======== Data section

Lemma Cpow_Cmi_SS m : Cpow Cmi (S (S m)) = Cscal (-1) (Cpow Cmi m).
Proof. apply Cx_ext; simpl; ring. Qed.

Definition hankel_term (n k : nat) (r : R) : Cx :=
  Cscal (hank_coef n k / r ^ (k + 1)) (Cpow Cmi (n + 1 - k)).

Lemma hankel1_Csum n m r :
  hankel1 n r = Cmul (Cexpi r) (Csum (fun k => hankel_term n k r) (n + m)).
Proof.
  rewrite Csum_pad.
  - unfold hankel1; f_equal; apply Csum_ext; intros k Hk.
    unfold hankel_term, hank_coef; destruct (Nat.leb_spec k n); [reflexivity | lia].
  - intros k Hk; unfold hankel_term; rewrite hank_coef_gt by exact Hk.
    apply Cx_ext; simpl; unfold Rdiv; ring.
Qed.

Lemma hankel_term_rec0 n r : hankel_term (S (S n)) 0 r = Cscal (-1) (hankel_term n 0 r).
Proof.
  unfold hankel_term; rewrite !hank_coef_0.
  replace (S (S n) + 1 - 0)%nat with (S (S (n + 1 - 0))) by lia.
  rewrite Cpow_Cmi_SS; apply Cx_ext; simpl; ring.
Qed.

Lemma hankel_term_rec n k r : r <> 0 ->
  hankel_term (S (S n)) (S k) r =
  Cadd (Cscal ((2 * INR n + 3) / r) (hankel_term (S n) k r)) (Cscal (-1) (hankel_term n (S k) r)).
Proof.
  intros Hr; pose proof (pow_nonzero r (k + 1) Hr).
  unfold hankel_term; rewrite hank_coef_rec.
  replace (S (S n) + 1 - S k)%nat with (S n + 1 - k)%nat by lia.
  replace (S k + 1)%nat with (S (k + 1)) by lia.
  destruct (Compare_dec.le_lt_dec k n) as [Hk | Hk].
  - replace (S n + 1 - k)%nat with (S (S (n + 1 - S k))) by lia.
    rewrite Cpow_Cmi_SS; apply Cx_ext; simpl; field; auto.
  - rewrite (hank_coef_gt n (S k)) by lia.
    apply Cx_ext; simpl; field; auto.
Qed.

Lemma hankel1_rec n r : r <> 0 ->
  hankel1 (S (S n)) r =
  Cadd (Cscal ((2 * INR n + 3) / r) (hankel1 (S n) r)) (Cscal (-1) (hankel1 n r)).
Proof.
  intros Hr.
  rewrite (hankel1_Csum (S (S n)) 0), (hankel1_Csum (S n) 0), (hankel1_Csum n 2).
  replace (n + 2)%nat with (S (S n)) by lia; rewrite !Nat.add_0_r.
  rewrite (Csum_shift (fun k => hankel_term (S (S n)) k r)),
    (Csum_shift (fun k => hankel_term n k r)).
  rewrite (Csum_ext _ _ (S n) (fun k Hk => hankel_term_rec n k r Hr)).
  rewrite hankel_term_rec0, Csum_Cadd, !Csum_Cscal.
  apply Cx_ext; simpl; ring.
Qed.

Lemma derivable_pt_lim_ext_pos f g r l : (forall t, 0 < t -> f t = g t) -> 0 < r ->
  derivable_pt_lim g r l -> derivable_pt_lim f r l.
Proof.
  intros Hfg Hr Dg; apply is_derive_Reals in Dg; apply is_derive_Reals.
  apply (is_derive_ext_loc g f); [| exact Dg].
  apply (filter_imp (fun t => 0 < t)); [intros t Ht; symmetry; apply Hfg, Ht |].
  apply (open_gt 0 r Hr).
Qed.

Lemma derivable_pt_lim_three_term (f0 f1 f2 f3 : R -> R) n r : 0 < r ->
  (forall t, 0 < t -> f2 t = (2 * INR n + 3) / t * f1 t - f0 t) ->
  (forall t, 0 < t -> f3 t = (2 * INR (S n) + 3) / t * f2 t - f1 t) ->
  derivable_pt_lim f0 r (INR n / r * f0 r - f1 r) ->
  derivable_pt_lim f1 r (INR (S n) / r * f1 r - f2 r) ->
  derivable_pt_lim f2 r (INR (S (S n)) / r * f2 r - f3 r).
Proof.
  intros Hr E2 E3 D0 D1.
  apply (derivable_pt_lim_ext_pos _ (fun t => (2 * INR n + 3) / t * f1 t - f0 t) r); auto.
  apply is_derive_Reals in D0, D1; apply is_derive_Reals.
  auto_derive.
  - repeat split; try (eexists; eassumption); lra.
  - replace (Derive (fun x : R => f0 x) r) with (INR n / r * f0 r - f1 r)
      by (symmetry; apply is_derive_unique, D0).
    replace (Derive (fun x : R => f1 x) r) with (INR (S n) / r * f1 r - f2 r)
      by (symmetry; apply is_derive_unique, D1).
    rewrite (E3 r Hr), (E2 r Hr), !S_INR; field; lra.
Qed.

Lemma hankel1_0 r : r <> 0 -> hankel1 0 r = mkCx (sin r / r) (- cos r / r).
Proof.
  intros Hr; apply Cx_ext; unfold hankel1, hank_a; simpl; field; auto.
Qed.

Lemma hankel1_1 r : r <> 0 ->
  hankel1 1 r = mkCx (- cos r / r + sin r / r ^ 2) (- sin r / r - cos r / r ^ 2).
Proof.
  intros Hr; apply Cx_ext; unfold hankel1, hank_a; simpl; field; auto.
Qed.

Lemma hankel1_derive_01 (p : Cx -> R) r : (p = re \/ p = im) -> 0 < r ->
  derivable_pt_lim (fun t => p (hankel1 0 t)) r (INR 0 / r * p (hankel1 0 r) - p (hankel1 1 r)) /\
  derivable_pt_lim (fun t => p (hankel1 1 t)) r (INR 1 / r * p (hankel1 1 r) - p (hankel1 2 r)).
Proof.
  intros Hp Hr; assert (Hr0 : r <> 0) by lra.
  rewrite (hankel1_rec 0 r Hr0); simpl INR.
  rewrite (hankel1_0 r Hr0), (hankel1_1 r Hr0).
  destruct Hp as [-> | ->]; cbn [re im Cadd Cscal]; split.
  - apply (derivable_pt_lim_ext_pos _ (fun t => sin t / t));
      [intros t Ht; rewrite hankel1_0 by lra; reflexivity | exact Hr |].
    apply is_derive_Reals; auto_derive; [lra | field; lra].
  - apply (derivable_pt_lim_ext_pos _ (fun t => - cos t / t + sin t / t ^ 2));
      [intros t Ht; rewrite hankel1_1 by lra; reflexivity | exact Hr |].
    apply is_derive_Reals; auto_derive; [repeat split; intro Hc; nra | field; lra].
  - apply (derivable_pt_lim_ext_pos _ (fun t => - cos t / t));
      [intros t Ht; rewrite hankel1_0 by lra; reflexivity | exact Hr |].
    apply is_derive_Reals; auto_derive; [lra | field; lra].
  - apply (derivable_pt_lim_ext_pos _ (fun t => - sin t / t - cos t / t ^ 2));
      [intros t Ht; rewrite hankel1_1 by lra; reflexivity | exact Hr |].
    apply is_derive_Reals; auto_derive; [repeat split; intro Hc; nra | field; lra].
Qed.

Lemma hankel1_derive (p : Cx -> R) n r : (p = re \/ p = im) -> 0 < r ->
  derivable_pt_lim (fun t => p (hankel1 n t)) r (INR n / r * p (hankel1 n r) - p (hankel1 (S n) r)).
Proof.
  intros Hp Hr.
  assert (Hrec : forall m t, 0 < t ->
    p (hankel1 (S (S m)) t) = (2 * INR m + 3) / t * p (hankel1 (S m) t) - p (hankel1 m t)).
  { intros m t Ht; rewrite hankel1_rec by lra; destruct Hp as [-> | ->]; simpl; ring. }
  enough (H : forall m,
    derivable_pt_lim (fun t => p (hankel1 m t)) r
      (INR m / r * p (hankel1 m r) - p (hankel1 (S m) r)) /\
    derivable_pt_lim (fun t => p (hankel1 (S m) t)) r
      (INR (S m) / r * p (hankel1 (S m) r) - p (hankel1 (S (S m)) r))) by apply H.
  induction m as [| m [D0 D1]]; [apply hankel1_derive_01; assumption |].
  split; [exact D1 |].
  exact (derivable_pt_lim_three_term (fun t => p (hankel1 m t)) (fun t => p (hankel1 (S m) t))
    (fun t => p (hankel1 (S (S m)) t)) (fun t => p (hankel1 (S (S (S m))) t)) m r Hr
    (Hrec m) (Hrec (S m)) D0 D1).
Qed.

Lemma sum_f_R0_pad f n m : (forall j, (n < j)%nat -> f j = 0) -> sum_f_R0 f (n + m) = sum_f_R0 f n.
Proof.
  intros H; induction m as [| m IH]; [rewrite Nat.add_0_r; reflexivity |].
  rewrite Nat.add_succ_r, tech5, IH, H by lia; ring.
Qed.

Lemma sum_f_R0_ge_first f n : (forall j, (0 < j)%nat -> 0 <= f j) -> f O <= sum_f_R0 f n.
Proof.
  intros H; induction n as [| n IH]; simpl; [lra |].
  pose proof (H (S n) (Nat.lt_0_succ n)); lra.
Qed.

Fixpoint odd_double_fact (j : nat) : R :=
  match j with O => 1 | S j => (2 * INR j + 1) * odd_double_fact j end.

Lemma odd_double_fact_ge0 j : 0 <= odd_double_fact j.
Proof.
  induction j as [| j IH]; simpl; [lra |].
  pose proof (pos_INR j); apply Rmult_le_pos; lra.
Qed.

(* [odd_double_fact j = (2j-1)!!], so [modsq_coef n j = (2j)! (n+j)! / (4^j j!^2 (n-j)!)],
   the coefficients of [r^2 |h_n(r)|^2] as a polynomial in [1/r^2]. *)
Definition modsq_coef (n j : nat) : R := hank_coef n j * odd_double_fact j.
Definition modsq_poly (n : nat) (x : R) : R := sum_f_R0 (fun j => modsq_coef n j * x ^ j) n.
Definition cross_poly (n : nat) (x : R) : R :=
  sum_f_R0 (fun j => (INR j + INR n + 1) * modsq_coef n j * x ^ j) n.

Lemma modsq_coef_0 n : modsq_coef n 0 = 1.
Proof. unfold modsq_coef; rewrite hank_coef_0; simpl; ring. Qed.

Lemma modsq_coef_gt n j : (n < j)%nat -> modsq_coef n j = 0.
Proof. intros H; unfold modsq_coef; rewrite hank_coef_gt by exact H; ring. Qed.

Lemma modsq_coef_ge0 n j : 0 <= modsq_coef n j.
Proof. apply Rmult_le_pos; [apply hank_coef_ge0 | apply odd_double_fact_ge0]. Qed.
Lemma isolated_no_cherry u b A1 A2 l c : isolated u -> b \notin Qpts ->
  pairs_at b = [set A1; A2] -> A1 != A2 ->
  l \in A1 -> l != b -> leaf l -> c \in A2 -> c != b -> ~~ leaf c.
Proof.
move=> ui bQ bA A12 lA1 lb ll cA2 cb; apply/negP => lc.
have : A1 \in pairs_at b by rewrite bA set21.
have : A2 \in pairs_at b by rewrite bA set22.
rewrite !mem_pairs_at => /andP[A2Q bA2] /andP[A1Q bA1].
have lc' : l != c.
  by apply: contraNneq A12 => elc; rewrite -(leaf_pairs_eq ll A2Q _ A1Q lA1) ?elc.
have bu : b != u by apply: contraNneq (isolated_notin ui A1Q) => <-.
have [lQ cQ] := (proj1 (andP ll), proj1 (andP lc)).
suff : [set l; c] = [set b; u].
  move/setP/(_ l); rewrite set21 !inE (negbTE lb) => /esym/eqP elu.
  by move: (isolated_notin ui A1Q); rewrite -elu lA1.
apply: pairs_twins_eq; rewrite ?card2_pair //.
- apply/negP => lcQ; case/eqP: A12.
  rewrite -(leaf_pairs_eq ll A1Q lA1 lcQ (set21 _ _)).
  exact: leaf_pairs_eq lc A2Q cA2 lcQ (set22 _ _).
- by apply/negP => /(isolated_notin ui); rewrite set22.
- move=> s sQ; rewrite !inE.
  have neq_s z : z \notin Qpts -> (s == z) = false by apply: contraNF => /eqP<-.
  by rewrite !neq_s // (proj1 (andP ui)).
move=> B BQ; rewrite !meets2 (negbTE (isolated_notin ui BQ)) orbF.
apply/idP/idP => [/orP[lB|cB]|bB].
- by rewrite (leaf_pairs_eq ll A1Q lA1 BQ lB).
- by rewrite (leaf_pairs_eq lc A2Q cA2 BQ cB).
have : B \in pairs_at b by rewrite mem_pairs_at BQ.
by rewrite bA => /set2P[]->; rewrite ?lA1 ?cA2 ?orbT.
Qed.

================

=== What the task requires ===
All that is required is the number of lines in the data above that contain the word "have".

=== Response to the exercise ===
7